In the listing below, locate the line that contains "Proof. by case=> -[g1 d1]" and the line that contains "split; apply/subst_primitiveP; exists". Restate word for word those two lines and every line between them, and nothing else.

Top of Provided data

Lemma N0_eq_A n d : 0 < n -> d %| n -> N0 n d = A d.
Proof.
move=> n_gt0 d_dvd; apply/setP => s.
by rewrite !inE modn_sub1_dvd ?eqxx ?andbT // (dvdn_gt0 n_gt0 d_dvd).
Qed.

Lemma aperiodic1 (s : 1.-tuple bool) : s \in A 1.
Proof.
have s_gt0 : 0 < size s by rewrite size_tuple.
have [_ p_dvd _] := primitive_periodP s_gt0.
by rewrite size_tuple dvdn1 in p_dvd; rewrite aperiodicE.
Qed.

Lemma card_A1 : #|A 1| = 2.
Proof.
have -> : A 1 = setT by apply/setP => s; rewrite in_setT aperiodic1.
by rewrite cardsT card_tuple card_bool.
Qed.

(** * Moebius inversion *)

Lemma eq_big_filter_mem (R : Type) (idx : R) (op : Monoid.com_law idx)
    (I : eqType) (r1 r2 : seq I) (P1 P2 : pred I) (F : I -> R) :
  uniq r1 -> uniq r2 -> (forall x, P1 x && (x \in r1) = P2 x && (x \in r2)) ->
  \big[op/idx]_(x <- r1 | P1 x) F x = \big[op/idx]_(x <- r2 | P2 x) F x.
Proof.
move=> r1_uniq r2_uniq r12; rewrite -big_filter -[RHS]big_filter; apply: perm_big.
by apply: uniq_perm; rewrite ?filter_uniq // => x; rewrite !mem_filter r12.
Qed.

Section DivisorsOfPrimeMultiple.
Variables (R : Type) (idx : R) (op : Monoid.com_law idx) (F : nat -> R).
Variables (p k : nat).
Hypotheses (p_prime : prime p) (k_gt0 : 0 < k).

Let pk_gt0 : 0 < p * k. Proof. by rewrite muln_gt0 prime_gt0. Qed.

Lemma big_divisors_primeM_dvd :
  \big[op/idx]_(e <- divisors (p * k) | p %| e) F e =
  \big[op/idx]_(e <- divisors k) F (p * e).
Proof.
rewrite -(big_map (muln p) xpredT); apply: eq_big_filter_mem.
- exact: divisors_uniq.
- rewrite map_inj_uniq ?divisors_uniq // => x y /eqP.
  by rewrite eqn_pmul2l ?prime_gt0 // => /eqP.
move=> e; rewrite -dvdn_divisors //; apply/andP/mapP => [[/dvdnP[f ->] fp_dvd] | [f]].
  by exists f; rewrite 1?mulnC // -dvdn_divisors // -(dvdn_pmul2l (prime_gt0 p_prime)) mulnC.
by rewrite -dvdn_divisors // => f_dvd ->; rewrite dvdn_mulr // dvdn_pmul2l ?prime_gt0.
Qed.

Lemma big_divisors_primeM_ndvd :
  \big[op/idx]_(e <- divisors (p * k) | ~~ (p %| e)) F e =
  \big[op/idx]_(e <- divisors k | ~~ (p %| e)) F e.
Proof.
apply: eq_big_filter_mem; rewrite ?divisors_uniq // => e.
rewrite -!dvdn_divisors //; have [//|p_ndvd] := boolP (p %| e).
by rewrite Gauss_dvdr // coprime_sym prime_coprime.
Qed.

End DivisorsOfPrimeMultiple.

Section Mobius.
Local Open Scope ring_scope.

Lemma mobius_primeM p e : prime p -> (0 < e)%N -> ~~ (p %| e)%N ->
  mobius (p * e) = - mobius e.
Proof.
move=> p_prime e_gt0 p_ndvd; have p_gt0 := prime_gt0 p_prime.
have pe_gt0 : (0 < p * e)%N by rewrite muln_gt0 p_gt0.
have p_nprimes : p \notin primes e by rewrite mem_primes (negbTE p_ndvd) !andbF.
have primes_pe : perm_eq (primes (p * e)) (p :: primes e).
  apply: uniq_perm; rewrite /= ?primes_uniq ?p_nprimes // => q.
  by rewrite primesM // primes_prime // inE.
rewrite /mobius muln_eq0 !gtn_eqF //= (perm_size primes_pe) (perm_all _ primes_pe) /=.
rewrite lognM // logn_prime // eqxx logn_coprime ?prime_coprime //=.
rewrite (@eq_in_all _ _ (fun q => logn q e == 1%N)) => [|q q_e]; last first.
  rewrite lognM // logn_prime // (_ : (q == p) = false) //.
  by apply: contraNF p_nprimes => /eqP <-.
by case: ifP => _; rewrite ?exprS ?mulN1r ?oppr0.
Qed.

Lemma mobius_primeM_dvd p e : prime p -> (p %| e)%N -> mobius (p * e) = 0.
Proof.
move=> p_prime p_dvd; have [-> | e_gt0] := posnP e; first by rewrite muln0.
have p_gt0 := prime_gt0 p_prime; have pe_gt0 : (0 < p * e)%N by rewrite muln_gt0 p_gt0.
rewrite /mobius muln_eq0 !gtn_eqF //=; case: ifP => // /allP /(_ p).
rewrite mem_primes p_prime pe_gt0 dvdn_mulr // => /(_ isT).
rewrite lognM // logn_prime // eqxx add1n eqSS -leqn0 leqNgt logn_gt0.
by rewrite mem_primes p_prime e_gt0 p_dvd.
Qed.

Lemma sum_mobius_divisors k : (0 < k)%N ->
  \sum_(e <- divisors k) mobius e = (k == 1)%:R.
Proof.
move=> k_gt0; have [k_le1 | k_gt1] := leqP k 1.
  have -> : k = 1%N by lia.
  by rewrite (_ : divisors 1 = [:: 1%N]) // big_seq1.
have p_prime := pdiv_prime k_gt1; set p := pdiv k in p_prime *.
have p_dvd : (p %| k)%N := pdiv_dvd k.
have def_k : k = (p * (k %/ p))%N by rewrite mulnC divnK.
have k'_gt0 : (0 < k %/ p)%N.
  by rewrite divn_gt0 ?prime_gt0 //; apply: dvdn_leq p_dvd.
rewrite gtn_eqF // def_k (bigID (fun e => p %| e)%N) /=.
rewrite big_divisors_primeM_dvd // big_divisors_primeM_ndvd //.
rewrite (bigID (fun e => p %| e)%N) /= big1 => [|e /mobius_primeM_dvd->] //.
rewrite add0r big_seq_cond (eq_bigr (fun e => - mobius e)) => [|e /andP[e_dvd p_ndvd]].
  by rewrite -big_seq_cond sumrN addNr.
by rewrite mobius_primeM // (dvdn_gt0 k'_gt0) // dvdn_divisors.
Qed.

Bottom of Provided data
Top of Provided data

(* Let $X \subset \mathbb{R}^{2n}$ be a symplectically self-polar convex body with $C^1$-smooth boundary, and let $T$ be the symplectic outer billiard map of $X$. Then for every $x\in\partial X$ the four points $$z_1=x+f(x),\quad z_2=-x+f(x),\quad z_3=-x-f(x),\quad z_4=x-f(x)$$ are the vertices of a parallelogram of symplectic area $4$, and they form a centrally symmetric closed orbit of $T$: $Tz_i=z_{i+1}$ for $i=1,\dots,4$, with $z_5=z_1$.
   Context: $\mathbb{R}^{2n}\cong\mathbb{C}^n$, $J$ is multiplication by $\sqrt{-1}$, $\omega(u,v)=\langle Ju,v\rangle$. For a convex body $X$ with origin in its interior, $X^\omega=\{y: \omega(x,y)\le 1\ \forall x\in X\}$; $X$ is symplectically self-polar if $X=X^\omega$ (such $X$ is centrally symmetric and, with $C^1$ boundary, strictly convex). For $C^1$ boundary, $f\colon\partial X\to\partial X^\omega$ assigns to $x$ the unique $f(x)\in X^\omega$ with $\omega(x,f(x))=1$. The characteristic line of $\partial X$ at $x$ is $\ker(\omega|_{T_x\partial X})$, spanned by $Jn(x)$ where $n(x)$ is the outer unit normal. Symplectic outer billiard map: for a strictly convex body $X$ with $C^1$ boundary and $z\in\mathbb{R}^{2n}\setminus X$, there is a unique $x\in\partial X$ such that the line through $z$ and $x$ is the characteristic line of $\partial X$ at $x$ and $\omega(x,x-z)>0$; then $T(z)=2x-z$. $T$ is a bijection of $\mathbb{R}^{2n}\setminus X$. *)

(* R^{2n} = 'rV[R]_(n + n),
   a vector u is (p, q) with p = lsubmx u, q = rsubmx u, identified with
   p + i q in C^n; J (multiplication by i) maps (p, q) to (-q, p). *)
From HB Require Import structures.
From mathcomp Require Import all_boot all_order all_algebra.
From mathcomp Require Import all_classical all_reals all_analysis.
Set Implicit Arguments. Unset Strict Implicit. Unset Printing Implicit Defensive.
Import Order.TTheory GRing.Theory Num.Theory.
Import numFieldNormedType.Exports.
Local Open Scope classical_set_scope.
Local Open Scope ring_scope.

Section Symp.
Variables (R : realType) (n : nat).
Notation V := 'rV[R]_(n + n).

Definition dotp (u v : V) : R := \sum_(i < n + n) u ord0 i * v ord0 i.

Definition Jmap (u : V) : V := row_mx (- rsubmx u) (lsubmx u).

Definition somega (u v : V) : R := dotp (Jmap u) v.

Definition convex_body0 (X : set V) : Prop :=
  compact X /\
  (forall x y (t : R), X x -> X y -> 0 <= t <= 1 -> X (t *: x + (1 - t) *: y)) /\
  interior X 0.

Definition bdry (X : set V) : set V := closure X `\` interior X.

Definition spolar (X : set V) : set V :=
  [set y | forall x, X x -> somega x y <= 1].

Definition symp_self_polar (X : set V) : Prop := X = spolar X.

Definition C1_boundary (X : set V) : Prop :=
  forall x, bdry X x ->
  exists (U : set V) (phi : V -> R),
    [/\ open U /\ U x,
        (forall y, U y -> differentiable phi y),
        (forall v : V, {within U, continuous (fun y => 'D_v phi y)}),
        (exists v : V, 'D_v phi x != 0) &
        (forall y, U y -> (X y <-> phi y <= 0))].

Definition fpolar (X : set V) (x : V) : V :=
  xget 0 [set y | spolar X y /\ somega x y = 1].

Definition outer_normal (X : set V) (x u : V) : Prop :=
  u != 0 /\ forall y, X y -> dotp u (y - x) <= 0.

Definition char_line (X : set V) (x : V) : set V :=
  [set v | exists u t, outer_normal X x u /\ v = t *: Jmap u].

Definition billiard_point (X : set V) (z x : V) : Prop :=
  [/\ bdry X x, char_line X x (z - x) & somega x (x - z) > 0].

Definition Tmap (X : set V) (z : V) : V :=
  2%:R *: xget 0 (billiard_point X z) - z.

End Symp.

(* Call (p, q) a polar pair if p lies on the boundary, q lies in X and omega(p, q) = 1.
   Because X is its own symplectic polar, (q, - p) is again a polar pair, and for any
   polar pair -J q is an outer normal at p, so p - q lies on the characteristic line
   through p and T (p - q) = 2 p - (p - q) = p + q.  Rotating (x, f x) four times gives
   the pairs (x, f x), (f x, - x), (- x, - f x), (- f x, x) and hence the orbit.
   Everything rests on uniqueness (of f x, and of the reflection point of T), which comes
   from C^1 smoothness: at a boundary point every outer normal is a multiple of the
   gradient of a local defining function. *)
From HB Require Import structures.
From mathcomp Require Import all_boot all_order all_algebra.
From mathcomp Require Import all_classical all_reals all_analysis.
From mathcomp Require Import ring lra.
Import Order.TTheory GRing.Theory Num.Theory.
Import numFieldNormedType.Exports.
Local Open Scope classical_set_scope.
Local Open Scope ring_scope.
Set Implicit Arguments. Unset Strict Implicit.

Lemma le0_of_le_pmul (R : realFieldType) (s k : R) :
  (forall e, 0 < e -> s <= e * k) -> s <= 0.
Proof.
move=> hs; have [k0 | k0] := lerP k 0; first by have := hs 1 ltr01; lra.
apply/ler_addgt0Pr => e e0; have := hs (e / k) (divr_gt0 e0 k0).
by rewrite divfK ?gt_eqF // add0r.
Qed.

Bottom of Provided data
Top of Provided data

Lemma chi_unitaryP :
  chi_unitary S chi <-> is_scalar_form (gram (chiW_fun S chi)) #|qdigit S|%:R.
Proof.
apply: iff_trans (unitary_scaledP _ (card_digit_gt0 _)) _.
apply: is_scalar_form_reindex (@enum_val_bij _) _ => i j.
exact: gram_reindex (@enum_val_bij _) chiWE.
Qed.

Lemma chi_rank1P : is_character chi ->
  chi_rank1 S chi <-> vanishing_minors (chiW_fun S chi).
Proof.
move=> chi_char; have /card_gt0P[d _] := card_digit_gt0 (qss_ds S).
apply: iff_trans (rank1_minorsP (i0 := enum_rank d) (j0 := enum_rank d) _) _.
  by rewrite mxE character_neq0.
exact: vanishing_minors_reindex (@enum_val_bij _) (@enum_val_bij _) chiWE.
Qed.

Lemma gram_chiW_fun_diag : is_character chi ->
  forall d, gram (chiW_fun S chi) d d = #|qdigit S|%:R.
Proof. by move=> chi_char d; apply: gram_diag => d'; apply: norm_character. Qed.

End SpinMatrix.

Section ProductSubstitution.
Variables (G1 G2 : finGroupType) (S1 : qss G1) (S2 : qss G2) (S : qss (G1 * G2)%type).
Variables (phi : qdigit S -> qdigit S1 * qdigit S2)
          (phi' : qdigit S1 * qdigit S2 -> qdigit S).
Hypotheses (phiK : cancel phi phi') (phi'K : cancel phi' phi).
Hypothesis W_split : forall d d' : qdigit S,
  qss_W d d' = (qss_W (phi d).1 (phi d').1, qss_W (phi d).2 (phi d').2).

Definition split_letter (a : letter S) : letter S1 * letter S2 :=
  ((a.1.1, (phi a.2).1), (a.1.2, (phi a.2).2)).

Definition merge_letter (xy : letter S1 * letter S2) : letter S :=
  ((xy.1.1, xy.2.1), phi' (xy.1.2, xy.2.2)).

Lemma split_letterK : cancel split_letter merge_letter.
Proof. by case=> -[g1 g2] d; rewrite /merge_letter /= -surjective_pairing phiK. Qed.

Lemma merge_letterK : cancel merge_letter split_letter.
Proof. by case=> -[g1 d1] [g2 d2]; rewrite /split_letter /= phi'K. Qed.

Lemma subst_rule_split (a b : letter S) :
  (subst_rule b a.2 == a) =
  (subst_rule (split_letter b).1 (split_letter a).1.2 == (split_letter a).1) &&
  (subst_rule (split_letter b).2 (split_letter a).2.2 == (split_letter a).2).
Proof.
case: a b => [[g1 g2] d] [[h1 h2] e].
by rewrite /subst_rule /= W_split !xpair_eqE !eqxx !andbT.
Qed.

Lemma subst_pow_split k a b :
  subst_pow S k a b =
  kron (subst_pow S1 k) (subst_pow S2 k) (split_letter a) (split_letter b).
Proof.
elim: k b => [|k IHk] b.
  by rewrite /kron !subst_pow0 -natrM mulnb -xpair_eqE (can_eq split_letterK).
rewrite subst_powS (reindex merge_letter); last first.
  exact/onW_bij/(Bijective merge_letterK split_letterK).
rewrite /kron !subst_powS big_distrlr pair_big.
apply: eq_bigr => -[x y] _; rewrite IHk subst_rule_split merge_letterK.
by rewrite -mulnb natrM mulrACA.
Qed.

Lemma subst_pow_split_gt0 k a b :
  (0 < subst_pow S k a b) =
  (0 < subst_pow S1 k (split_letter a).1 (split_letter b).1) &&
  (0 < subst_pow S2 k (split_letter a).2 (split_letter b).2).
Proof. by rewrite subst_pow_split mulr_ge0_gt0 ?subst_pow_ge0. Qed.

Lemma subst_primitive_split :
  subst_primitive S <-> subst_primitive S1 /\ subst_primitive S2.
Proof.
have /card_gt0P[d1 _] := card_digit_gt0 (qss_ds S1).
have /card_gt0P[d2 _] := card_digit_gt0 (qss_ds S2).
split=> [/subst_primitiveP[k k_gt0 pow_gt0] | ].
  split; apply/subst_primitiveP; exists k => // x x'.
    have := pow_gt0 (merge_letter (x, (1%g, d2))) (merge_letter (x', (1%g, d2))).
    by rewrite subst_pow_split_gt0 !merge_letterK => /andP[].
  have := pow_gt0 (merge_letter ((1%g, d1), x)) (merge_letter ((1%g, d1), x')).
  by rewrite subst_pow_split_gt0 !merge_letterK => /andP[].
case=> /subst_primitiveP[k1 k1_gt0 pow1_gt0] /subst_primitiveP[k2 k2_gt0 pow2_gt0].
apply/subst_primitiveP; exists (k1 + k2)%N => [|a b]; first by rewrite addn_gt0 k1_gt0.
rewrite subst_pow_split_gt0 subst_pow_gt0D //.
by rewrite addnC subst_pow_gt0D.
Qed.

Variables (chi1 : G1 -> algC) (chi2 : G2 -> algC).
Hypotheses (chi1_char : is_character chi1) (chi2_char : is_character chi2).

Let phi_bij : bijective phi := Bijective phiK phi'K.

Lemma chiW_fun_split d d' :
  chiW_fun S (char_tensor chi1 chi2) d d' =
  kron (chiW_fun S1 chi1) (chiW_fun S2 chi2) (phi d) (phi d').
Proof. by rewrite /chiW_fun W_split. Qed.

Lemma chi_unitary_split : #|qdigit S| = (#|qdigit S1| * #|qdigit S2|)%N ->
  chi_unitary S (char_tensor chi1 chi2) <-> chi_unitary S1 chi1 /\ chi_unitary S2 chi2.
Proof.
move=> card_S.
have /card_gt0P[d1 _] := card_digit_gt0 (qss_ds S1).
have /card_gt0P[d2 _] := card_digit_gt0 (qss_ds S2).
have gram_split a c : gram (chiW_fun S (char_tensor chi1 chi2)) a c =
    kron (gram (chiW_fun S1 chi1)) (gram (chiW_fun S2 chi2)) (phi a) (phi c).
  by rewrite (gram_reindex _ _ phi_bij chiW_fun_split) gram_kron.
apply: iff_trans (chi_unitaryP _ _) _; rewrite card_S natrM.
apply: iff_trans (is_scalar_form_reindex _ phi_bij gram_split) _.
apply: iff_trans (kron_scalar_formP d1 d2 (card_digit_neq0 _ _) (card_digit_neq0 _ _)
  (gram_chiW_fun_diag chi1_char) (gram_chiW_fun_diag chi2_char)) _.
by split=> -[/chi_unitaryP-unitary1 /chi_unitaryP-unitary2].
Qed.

Bottom of Provided data

Task solution:
Proof. by case=> -[g1 d1] [g2 d2]; rewrite /split_letter /= phi'K. Qed.

Lemma subst_rule_split (a b : letter S) :
  (subst_rule b a.2 == a) =
  (subst_rule (split_letter b).1 (split_letter a).1.2 == (split_letter a).1) &&
  (subst_rule (split_letter b).2 (split_letter a).2.2 == (split_letter a).2).
Proof.
case: a b => [[g1 g2] d] [[h1 h2] e].
by rewrite /subst_rule /= W_split !xpair_eqE !eqxx !andbT.
Qed.

Lemma subst_pow_split k a b :
  subst_pow S k a b =
  kron (subst_pow S1 k) (subst_pow S2 k) (split_letter a) (split_letter b).
Proof.
elim: k b => [|k IHk] b.
  by rewrite /kron !subst_pow0 -natrM mulnb -xpair_eqE (can_eq split_letterK).
rewrite subst_powS (reindex merge_letter); last first.
  exact/onW_bij/(Bijective merge_letterK split_letterK).
rewrite /kron !subst_powS big_distrlr pair_big.
apply: eq_bigr => -[x y] _; rewrite IHk subst_rule_split merge_letterK.
by rewrite -mulnb natrM mulrACA.
Qed.

Lemma subst_pow_split_gt0 k a b :
  (0 < subst_pow S k a b) =
  (0 < subst_pow S1 k (split_letter a).1 (split_letter b).1) &&
  (0 < subst_pow S2 k (split_letter a).2 (split_letter b).2).
Proof. by rewrite subst_pow_split mulr_ge0_gt0 ?subst_pow_ge0. Qed.

Lemma subst_primitive_split :
  subst_primitive S <-> subst_primitive S1 /\ subst_primitive S2.
Proof.
have /card_gt0P[d1 _] := card_digit_gt0 (qss_ds S1).
have /card_gt0P[d2 _] := card_digit_gt0 (qss_ds S2).
split=> [/subst_primitiveP[k k_gt0 pow_gt0] | ].
  split; apply/subst_primitiveP; exists k => // x x'.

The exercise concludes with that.